[4] At times, I say pointedly, the Athenian rather than the Grecian tragedy, in order to keep the reader's attention awake to a remark made by Paterculus,—viz. That although Greece coquettishly welcomed homage to herself, as generally concerned in the Greek literature, in reality Athens only had any original share in the drama, or in the oratory of Greece.
[5] 'The supreme artist:'—It is chiefly by comparison with Euripides, that Sophocles is usually crowned with the laurels of art. But there is some danger of doing wrong to the truth in too blindly adhering to these old rulings of critical courts. The judgments would sometimes be reversed, if the pleadings were before us. There were blockheads in those days. Undoubtedly it is past denying that Euripides at times betrays marks of carelessness in the structure of his plots, as if writing too much in a hurry: the original cast of the fable is sometimes not happy, and the evolution or disentangling is too precipitate. It is easy to see that he would have remoulded them in a revised edition, or diaskeue [Greek.] On the other hand, I remember nothing in the Greek drama more worthy of a great artist than parts in his Phoenissae. Neither is he the effeminately tender, or merely pathetic poet that some people imagine. He was able to sweep all the chords of the impassioned spirit. But the whole of this subject is in arrear: it is in fact res integra, almost unbroken ground.
[6] I see a possible screw loose at this point: if you see it, reader, have the goodness to hold your tongue.
[7] 'Athenian Theatre:'—Many corrections remain to be made. Athens, in her bloom, was about as big as Calcutta, which contained, forty years ago, more than half a million of people; or as Naples, which (being long rated at three hundred thousand), is now known to contain at least two hundred thousand more. The well known census of Demetrius Phalereus gave twenty- one thousand citizens. Multiply this by 5, or 4-3/4, and you have their families. Add ten thousand, multiplied by 4-1/2, for the Inquilini. Then add four hundred thousand for the slaves: total, about five hundred and fifty thousand. But upon the fluctuations of the Athenian population there is much room for speculation. And, quaere, was not the population of Athens greater two centuries before Demetrius, in the days of Pericles?
[8] Having no Sophocles at hand, I quote from memory, not pretending therefore to exactness: but the sense is what I state.
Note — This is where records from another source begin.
(* Write F k for the partial sums of f, so that |(R_alpha f)(k)|^2 = |alpha_k|^2 |F k|^2 and
   l([0,b], f) = sum_{k,n <= b} |alpha_k|^2 |alpha_n|^2 |F k - F n|^2.
   Since |F k - F n|^2 <= 2 |F k|^2 + 2 |F n|^2, we get l <= 4 mu ||R_alpha f||^2, so a bounded
   R_alpha bounds every L([0,b]).  Conversely, fix k0 with alpha_k0 <> 0.  The row n = k0 of l
   gives |alpha_k0|^2 sum_k |alpha_k|^2 |F k - F k0|^2 <= l <= L^2 mu ||f||^2, and together with
   |F k|^2 <= 2 |F k - F k0|^2 + 2 |F k0|^2 and |F k0|^2 <= (k0+1)^2 ||f||^2 this bounds
   ||R_alpha f||^2 by a constant times ||f||^2.  Finally, the (eps,L)-sequence has length 0
   exactly when L([0,t]) <= eps for every t. *)

Lemma sum_n_m_le_loc (a b : nat -> R) n m :
  (forall k, (n <= k <= m)%nat -> a k <= b k) -> sum_n_m a n m <= sum_n_m b n m.
Proof.
  intros Hab.
  set (clip (u : nat -> R) k := if (Nat.leb n k && Nat.leb k m)%bool then u k else 0).
  assert (Hclip : forall u, sum_n_m u n m = sum_n_m (clip u) n m).
  { intros u. apply sum_n_m_ext_loc. intros k Hk. unfold clip.
    destruct (Nat.leb_spec n k), (Nat.leb_spec k m); simpl; lia || reflexivity. }
  rewrite (Hclip a), (Hclip b). apply sum_n_m_le. intros k. unfold clip.
  destruct (Nat.leb_spec n k), (Nat.leb_spec k m); simpl; try lra. apply Hab. lia.
Qed.

Lemma sum_n_m_nonneg (a : nat -> R) n m :
  (forall k, (n <= k <= m)%nat -> 0 <= a k) -> 0 <= sum_n_m a n m.
Proof.
  intros Ha. apply Rle_trans with (sum_n_m (fun _ => 0) n m).
  - rewrite sum_n_m_const, Rmult_0_r. apply Rle_refl.
  - apply sum_n_m_le_loc, Ha.
Qed.

Lemma sum_n_m_ext_R (a b : nat -> R) n m :
  (forall k, a k = b k :> R) -> sum_n_m a n m = sum_n_m b n m :> R.
Proof. apply sum_n_m_ext. Qed.

Lemma sum_n_m_Rplus (a b : nat -> R) n m :
  sum_n_m (fun k => a k + b k) n m = sum_n_m a n m + sum_n_m b n m :> R.
Proof. apply (sum_n_m_plus (G := R_AbelianMonoid)). Qed.

Lemma sum_n_m_Rmult_l (c : R) (a : nat -> R) n m :
  sum_n_m (fun k => c * a k) n m = c * sum_n_m a n m :> R.
Proof. apply (sum_n_m_mult_l (K := R_Ring)). Qed.

Lemma sum_n_m_Rmult_r (c : R) (a : nat -> R) n m :
  sum_n_m (fun k => a k * c) n m = sum_n_m a n m * c :> R.
Proof. apply (sum_n_m_mult_r (K := R_Ring)). Qed.

Lemma sum_n_m_Chasles_R (a : nat -> R) n m k : (n <= S m)%nat -> (m <= k)%nat ->
  sum_n_m a n k = sum_n_m a n m + sum_n_m a (S m) k :> R.
Proof. intros. rewrite (sum_n_m_Chasles a n m k) by assumption. reflexivity. Qed.

Lemma sum_n_m_subrange_le (a : nat -> R) n m p q :
  (forall k, (n <= k <= m)%nat -> 0 <= a k) -> (n <= p)%nat -> (q <= m)%nat ->
  sum_n_m a p q <= sum_n_m a n m.
Proof.
  intros Ha Hnp Hqm.
  destruct (le_lt_dec p q) as [Hpq | Hqp].
  - assert (Htail : 0 <= sum_n_m a (S q) m) by (apply sum_n_m_nonneg; intros; apply Ha; lia).
    rewrite (sum_n_m_Chasles_R a n q m) by lia.
    destruct (Nat.eq_dec n p) as [<- | Hnp']; [lra |].
    assert (Hhead : 0 <= sum_n_m a n (pred p)) by (apply sum_n_m_nonneg; intros; apply Ha; lia).
    rewrite (sum_n_m_Chasles_R a n (pred p) q) by lia.
    replace (S (pred p)) with p by lia. lra.
  - rewrite sum_n_m_zero by lia. apply sum_n_m_nonneg, Ha.
Qed.

Lemma sum_n_m_term_le (a : nat -> R) n m k :
  (forall j, (n <= j <= m)%nat -> 0 <= a j) -> (n <= k <= m)%nat -> a k <= sum_n_m a n m.
Proof. intros Ha Hk. rewrite <- (sum_n_n a k). apply sum_n_m_subrange_le; auto; lia. Qed.

Lemma sum_n_le_Series (a : nat -> R) n :
  (forall k, 0 <= a k) -> ex_series a -> sum_n a n <= Series a.
Proof.
  intros Ha Hex.
  apply (is_lim_seq_le_loc (fun _ => sum_n a n) (sum_n a) (sum_n a n) (Series a)).
  - exists n. intros k Hk. apply sum_n_m_subrange_le; auto; lia.
  - apply is_lim_seq_const.
  - apply Series_correct, Hex.
Qed.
[9] Whose version, I do not know. But one unaccountable error was forced on one's notice. Thebes, which, by Milton and by every scholar is made a monosyllable, is here made a dissyllable. But Thebez, the dissyllable, is a Syrian city. It is true that Causabon deduces from a Syriac word meaning a case or enclosure (a theca), the name of Thebes, whether Boeotian or Egyptian. It is probable, therefore, that Thebes the hundred-gated of Upper Egypt, Thebes the seven-gated of Greece, and Thebes of Syria, had all one origin as regards the name. But this matters not; it is the English name that we are concerned with.
[10] 'False:' or rather inaccurate. The burlesque was not on the Antigone, but on the Medea of Euripides; and very amusing.
[11] But in this instance, perhaps, distance of space, combined with the unrivalled grandeur of the war, was felt to equiponderate the distance of time, Susa, the Persian capital, being fourteen hundred miles from Athens.
[12] [Greek: Sterna th'os agalmatos], her bosom as the bosom of a statue; an expression of Euripides, and applied, I think, to Polyxena at the moment of her sacrifice on the tomb of Achilles, as the bride that was being married to him at the moment of his death.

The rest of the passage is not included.